Saturday, April 13, 2024
HomeComputer VisionThe way to Analyze and Classify Video with CLIP

The way to Analyze and Classify Video with CLIP

CLIP, a pc imaginative and prescient mannequin by OpenAI, could be utilized to resolve a variety of video evaluation and classification issues. Think about a state of affairs the place you wish to archive and allow search on a group of commercials. You can use CLIP to categorise movies into numerous classes (i.e. commercials that includes soccer, the seaside, and many others.). You may then use these classes to construct a media search engine for commercials.

On this information, we’re going to present the way to analyze and classify video with CLIP. We’ll take a video with 5 scenes that’s featured on the Roboflow homepage. We’ll use CLIP to reply three questions in regards to the video:

  1. Does the video comprise a development scene?
  2. If the video accommodates a development scene, when does that scene start?
  3. How lengthy do development scenes final?

Right here is the video with which we shall be working:

The method we use on this article could possibly be used to resolve different media analytics and evaluation issues, resembling:

  1. Which of a sequence of classes finest describes a video?
  2. Does a video comprise a restricted merchandise (i.e. alcohol)?
  3. At what timestamps do particular scenes happen?
  4. How lengthy is an merchandise on display?

With out additional ado, let’s get began!

The way to Classify Video with CLIP

To reply the questions we had earlier – does a video comprise a development scene, and when does that scene start – we are going to observe these steps:

  1. Set up the required dependencies
  2. Cut up up a video into frames
  3. Run CLIP to categorize a restricted set of frames

Step #1: Set up Required Dependencies

We’re going to use CLIP with the Roboflow Inference Server.
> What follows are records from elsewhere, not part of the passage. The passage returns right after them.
(* Let $R$ be a commutative ring with unit and let $M_0\prec M\subset\mathbb{M}_R$. Then the homomorphism $\rho^R_{M,M_0}\colon R[q]^M\to R[q]^{M_0}$ is injective.
   Context: All rings are commutative with unit; $q$ is an indeterminate. $\mathbb{M}_R$ denotes the set of monic polynomials in $R[q]$. For $M\subset\mathbb{M}_R$, $M^*$ is the multiplicative set generated by $M$, directed by divisibility, and $R[q]^M=\varprojlim_{f\in M^*}R[q]/(f)$; for $M'\subset M$, $\rho^R_{M,M'}\colon R[q]^M\to R[q]^{M'}$ is induced by the identity of $R[q]$. For $f,g\in\mathbb{M}_R$ write $f\Rightarrow_R g$ if there exist an ideal $I\subset R$ with $\bigcap_{j\ge0}I^j=(0)$ and an integer $m\ge0$ such that $f^m\in (g)+I[q]$. For $M',M\subset\mathbb{M}_R$ write $M'\prec M$ if $M'\subset M$ and for each $f\in M$ there is a finite sequence $f_0\Rightarrow_R f_1\Rightarrow_R\cdots\Rightarrow_R f_r=f$ ($r\ge0$) of elements of $M$ with $f_0\in M'$. *)

From mathcomp Require Import all_boot all_algebra.
Set Implicit Arguments. Unset Strict Implicit. Unset Printing Implicit Defensive.
Import GRing.Theory.
Local Open Scope ring_scope.

Section Defs.
Variable R : comNzRingType.

Definition polyset := {poly R} -> Prop.

Definition pdvd (f g : {poly R}) : Prop := exists h : {poly R}, g = h * f.

Definition pcong (f a b : {poly R}) : Prop := exists h : {poly R}, a - b = h * f.

Definition monic_set (M : polyset) : Prop := forall f, M f -> f \is monic.

Inductive mult_gen (M : polyset) : {poly R} -> Prop :=
| mg_one : mult_gen M 1
| mg_mul f g : M f -> mult_gen M g -> mult_gen M (f * g).

Definition is_ideal (I : R -> Prop) : Prop :=
  [/\ I 0, (forall x y, I x -> I y -> I (x + y)) & (forall r x, I x -> I (r * x))].

Inductive ideal_mul (A B : R -> Prop) : R -> Prop :=
| im_zero : ideal_mul A B 0
| im_prod a b : A a -> B b -> ideal_mul A B (a * b)
| im_add x y : ideal_mul A B x -> ideal_mul A B y -> ideal_mul A B (x + y).

Fixpoint ideal_pow (I : R -> Prop) (j : nat) : R -> Prop :=
  match j with
  | O => fun _ => True
  | S j' => ideal_mul (ideal_pow I j') I
  end.

Definition impl_R (f g : {poly R}) : Prop :=
  exists I : R -> Prop,
    [/\ is_ideal I,
        (forall x, (forall j, ideal_pow I j x) -> x = 0) &
        exists (m : nat) (h k : {poly R}),
          f ^+ m = h * g + k /\ forall i, I k`_i].

Inductive chain_reach (M' M : polyset) : {poly R} -> Prop :=
| cr_base f : M' f -> M f -> chain_reach M' M f
| cr_step f g : chain_reach M' M f -> M g -> impl_R f g -> chain_reach M' M g.

Definition prec (M' M : polyset) : Prop :=
  (forall f, M' f -> M f) /\ (forall f, M f -> chain_reach M' M f).

(* Elements of R[q]^M = lim_{f in M^*} R[q]/(f): families x (x f a
   representative of the f-component), compatible along divisibility. *)
Definition compat (M : polyset) (x : {poly R} -> {poly R}) : Prop :=
  forall f g, mult_gen M f -> mult_gen M g -> pdvd f g -> pcong f (x g) (x f).

(* Equality of two such families in R[q]^M. *)
Definition lim_eq (M : polyset) (x y : {poly R} -> {poly R}) : Prop :=
  forall f, mult_gen M f -> pcong f (x f) (y f).

End Defs.

(** Fix [F] in [M^*] and look at [x F - y F] modulo [F].  If [f =>_R g] with
    [f^m = a g + c], [c] in [I[q]], then [f^(m(n+k))] is [g^k] times something
    plus a polynomial with coefficients in [I^n].  When [x] and [y] agree
    modulo [f^N h], compatibility along the common multiple [f^N g^k h] shows
    that [x - y] at [g^k h] is, modulo [g^k h], a multiple of [f^N h], hence of
    a polynomial with coefficients in [I^n].  Since division by a monic
    polynomial preserves [I^n[q]], the remainder of [x - y] lies in every
    [I^n[q]] and therefore vanishes.  Agreement thus propagates along every
    chain [f_0 => ... => f_r] starting in [M_0], and so to all of [M^*]. *)
From mathcomp Require Import all_boot all_algebra.
From mathcomp Require Import ring zify.
Set Implicit Arguments. Unset Strict Implicit. Unset Printing Implicit Defensive.
Import GRing.Theory Pdiv.CommonRing Pdiv.RingMonic.
Local Open Scope ring_scope.

Lemma ideal_pow_is_ideal (R : comNzRingType) (I : R -> Prop) :
  is_ideal I -> forall n, is_ideal (ideal_pow I n).
Proof.
move=> [_ _ IM]; case=> [|n] /=; first by split.
split; [exact: im_zero | by move=> a b; apply: im_add |].
move=> r a; elim=> [|u v Iu Iv|u v _ IHu _ IHv].
- by rewrite mulr0; apply: im_zero.
- by rewrite mulrCA; apply: im_prod => //; apply: IM.
- by rewrite mulrDr; apply: im_add.
Qed.

Section CoefsInIdeal.
Variable R : comNzRingType.
Implicit Types (J : R -> Prop) (p q : {poly R}).

Definition coefs_in J p := forall i, J p`_i.

Lemma coefs_in0 J : is_ideal J -> coefs_in J 0.
Proof. by case=> J0 _ _ i; rewrite coef0. Qed.

Lemma coefs_inD J p q :
  is_ideal J -> coefs_in J p -> coefs_in J q -> coefs_in J (p + q).
Proof. by case=> _ JD _ Jp Jq i; rewrite coefD; apply: JD. Qed.

Lemma ideal_sum J n (F : 'I_n -> R) :
  is_ideal J -> (forall i, J (F i)) -> J (\sum_(i < n) F i).
Proof. by case=> J0 JD _ JF; apply: (big_ind J). Qed.

Lemma coefs_inMl J p q : is_ideal J -> coefs_in J q -> coefs_in J (p * q).
Proof.
move=> idealJ Jq i; rewrite coefM; apply: ideal_sum => // j.
by case: idealJ => _ _; apply.
Qed.

Lemma coefs_inMr J p q : is_ideal J -> coefs_in J p -> coefs_in J (p * q).
Proof. by move=> idealJ Jp; rewrite mulrC; apply: coefs_inMl. Qed.

Lemma coefs_in_rmodp J p d :
  is_ideal J -> d \is monic -> coefs_in J p -> coefs_in J (rmodp p d).
Proof.
move=> idealJ mon_d Jp i.
rewrite -[p]coefK poly_def (rmodp_sum mon_d) coef_sum.
apply: ideal_sum => // j; rewrite (rmodpZ mon_d) coefZ mulrC.
by case: idealJ => _ _; apply.
Qed.

Variables (I : R -> Prop) (idealI : is_ideal I).

Lemma coefs_in_powM n p q :
  coefs_in (ideal_pow I n) p -> coefs_in I q ->
  coefs_in (ideal_pow I n.+1) (p * q).
Proof.
move=> Ip Iq i; rewrite coefM.
apply: ideal_sum; first exact: ideal_pow_is_ideal.
by move=> j /=; apply: im_prod.
Qed.

Lemma coefs_in_exp c n :
  coefs_in I c -> coefs_in (ideal_pow I n) (c ^+ n).
Proof.
move=> Ic; elim: n => [|n IHn] //.
by rewrite exprSr; apply: coefs_in_powM.
Qed.

(* The terms of the binomial expansion with at least [k] factors [a g] are
   multiples of [g^k]; the others have at least [n] factors [c]. *)
Lemma exprD_split_mod a g c n k : coefs_in I c ->
  exists u v, (a * g + c) ^+ (n + k) = u * g ^+ k + v
              /\ coefs_in (ideal_pow I n) v.
Proof.
move=> Ic; have idealIn := ideal_pow_is_ideal idealI n.
rewrite addrC exprDn.
apply: (big_ind (fun s => exists u v, s = u * g ^+ k + v
                                     /\ coefs_in (ideal_pow I n) v)).
- by exists 0, 0; rewrite mul0r addr0; split; last exact: coefs_in0.
- move=> _ _ [u1 [v1 [-> Iv1]]] [u2 [v2 [-> Iv2]]].
  exists (u1 + u2), (v1 + v2); split; first by ring.
  exact: coefs_inD.
- move=> [i _] _ /=; case: (leqP k i) => [le_ki | lt_ik].
  + exists (c ^+ (n + k - i) * a ^+ i * g ^+ (i - k) *+ 'C(n + k, i)), 0.
    split; last exact: coefs_in0.
    have split_gi : g ^+ i = g ^+ (i - k) * g ^+ k by rewrite -exprD subnK.
    by rewrite addr0 exprMn split_gi !mulrnAl !mulrA.
  + exists 0, (c ^+ (n + k - i) * (a * g) ^+ i *+ 'C(n + k, i)).
    split; first by rewrite mul0r add0r.
    rewrite -mulr_natr; apply: coefs_inMr => //; apply: coefs_inMr => //.
    rewrite -(subnK (_ : (n <= n + k - i)%N)); last by lia.
    by rewrite exprD; apply: coefs_inMl => //; apply: coefs_in_exp.
Qed.

Hypothesis separatedI : forall a, (forall j, ideal_pow I j a) -> a = 0.

Lemma pdvd_separated d p : d \is monic ->
  (forall n, exists u v, p = u * d + v /\ coefs_in (ideal_pow I n) v) ->
  pdvd d p.
Proof.
move=> mon_d near_p; suff rem0 : rmodp p d = 0.
  by exists (rdivp p d); rewrite {1}(rdivp_eq mon_d p) rem0 addr0.
apply/polyP => i; rewrite coef0; apply: separatedI => n.
have [u [v [-> In_v]]] := near_p n.
rewrite (rmodpD mon_d) (rmodp_mull mon_d) add0r.
by apply: coefs_in_rmodp => //; exact: ideal_pow_is_ideal.
Qed.

End CoefsInIdeal.

Section MultGen.
Variables (R : comNzRingType) (M : polyset R).

Lemma mult_genM f g : mult_gen M f -> mult_gen M g -> mult_gen M (f * g).
Proof.
move=> Mf Mg; elim: Mf => [|a b Ma _ IHb]; first by rewrite mul1r.
by rewrite -mulrA; apply: mg_mul.
Qed.

Lemma mult_genX f j : M f -> mult_gen M (f ^+ j).
Proof.
move=> Mf; elim: j => [|j IHj]; first exact: mg_one.
by rewrite exprS; apply: mg_mul.
Qed.

Lemma mult_gen_monic f : monic_set M -> mult_gen M f -> f \is monic.
Proof.
move=> monM; elim=> [|a b Ma _ IHb]; first exact: monic1.
by rewrite monicMl // monM.
Qed.

Lemma mult_gen_sub (M0 : polyset R) f :
  (forall g, M0 g -> M g) -> mult_gen M0 f -> mult_gen M f.
Proof.
move=> subM; elim=> [|a b Ma _ IHb]; first exact: mg_one.
by apply: mg_mul => //; apply: subM.
Qed.

End MultGen.

Section Agreement.
Variables (R : comNzRingType) (M : polyset R) (x y : {poly R} -> {poly R}).
Hypotheses (monM : monic_set M) (compat_x : compat M x) (compat_y : compat M y).

Definition agree_at f := pcong f (x f) (y f).

Lemma compat_diff_mod P F G :
  mult_gen M P -> mult_gen M F -> mult_gen M G -> pdvd P G -> pdvd F G ->
  agree_at P -> exists a b, x F - y F = a * F + b * P.
Proof.
move=> MP MF MG dvd_PG dvd_FG [h0 agreeP].
have [h1 xPG] := compat_x MP MG dvd_PG; have [h2 yPG] := compat_y MP MG dvd_PG.
have [h3 xFG] := compat_x MF MG dvd_FG; have [h4 yFG] := compat_y MF MG dvd_FG.
exists (h4 - h3), (h1 - h2 + h0).
have -> : x F - y F = (x G - y G) - (x G - x F) + (y G - y F) by ring.
have -> : x G - y G = (x G - x P) - (y G - y P) + (x P - y P) by ring.
by rewrite xPG yPG agreeP xFG yFG; ring.
Qed.

Lemma agree_impl f g h : M f -> M g -> mult_gen M h -> impl_R f g ->
  (forall j, agree_at (f ^+ j * h)) -> forall k, agree_at (g ^+ k * h).
Proof.
move=> Mf Mg Mh [I [idealI sepI [m [a [c [fm Ic]]]]]] agree_f k.
set F := g ^+ k * h.
have MF : mult_gen M F by apply: mult_genM => //; apply: mult_genX.
apply: (pdvd_separated idealI sepI (mult_gen_monic monM MF)) => n.
have [u [v [split_fN Iv]]] := exprD_split_mod idealI a g n k Ic.
set N := (m * (n + k))%N.
have MfN : mult_gen M (f ^+ N) by apply: mult_genX.
have dvd_PG : pdvd (f ^+ N * h) (f ^+ N * F) by exists (g ^+ k); rewrite mulrCA.
have dvd_FG : pdvd F (f ^+ N * F) by exists (f ^+ N).
have [b [d diff_F]] := compat_diff_mod (mult_genM MfN Mh) MF (mult_genM MfN MF)
  dvd_PG dvd_FG (agree_f N).
exists (b + d * u), (d * h * v); split.
  by rewrite diff_F exprM fm split_fN /F; ring.
by apply: coefs_inMl => //; apply: ideal_pow_is_ideal.
Qed.

Variable M0 : polyset R.
Hypothesis precM0 : prec M0 M.

Lemma agree_chain f g :
  mult_gen M f -> (forall h0, mult_gen M0 h0 -> agree_at (f * h0)) ->
  chain_reach M0 M g ->
  forall k h0, mult_gen M0 h0 -> agree_at (g ^+ k * (f * h0)).
Proof.
have [subM0 _] := precM0.
move=> Mf agree_f; elim=> [g0 M0g0 _ | g0 g1 chain_g0 IHg0 Mg1 impl_g01] k h0 M0h0.
  by rewrite mulrCA; apply: agree_f; apply: mult_genM => //; apply: mult_genX.
apply: (agree_impl _ Mg1 _ impl_g01) => [| | j]; last exact: IHg0.
  by case: chain_g0.
by apply: mult_genM => //; apply: mult_gen_sub M0h0.
Qed.

Lemma agree_mult_gen : lim_eq M0 x y ->
  forall f, mult_gen M f -> forall h0, mult_gen M0 h0 -> agree_at (f * h0).
Proof.
have [_ chainM] := precM0.
move=> agree0 f; elim=> [|g f' Mg Mf' agree_f'] h0 M0h0.
  by rewrite mul1r; apply: agree0.
by rewrite -mulrA -[g]expr1; apply: agree_chain => //; apply: chainM.
Qed.

End Agreement.

Theorem theorem3p4 (R : comNzRingType) (M0 M : polyset R) :
  monic_set M -> prec M0 M ->
  forall x y : {poly R} -> {poly R},
    compat M x -> compat M y -> lim_eq M0 x y -> lim_eq M x y.
Proof.
move=> monM precM0 x y compat_x compat_y agree0 f Mf.
have := agree_mult_gen monM compat_x compat_y precM0 agree0 Mf (mg_one _).
by rewrite mulr1.
Qed.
The Inference Server gives an online API by way of which you’ll question Roboflow fashions in addition to basis fashions resembling CLIP. We’ll use the hosted Inference Server, so we need not set up it.

We have to set up the Roboflow Python package deal and supervision, which we are going to use for working inference and dealing with video, respectively:

pip set up roboflow supervision

Now we now have the required dependencies put in, we will begin classifying our video.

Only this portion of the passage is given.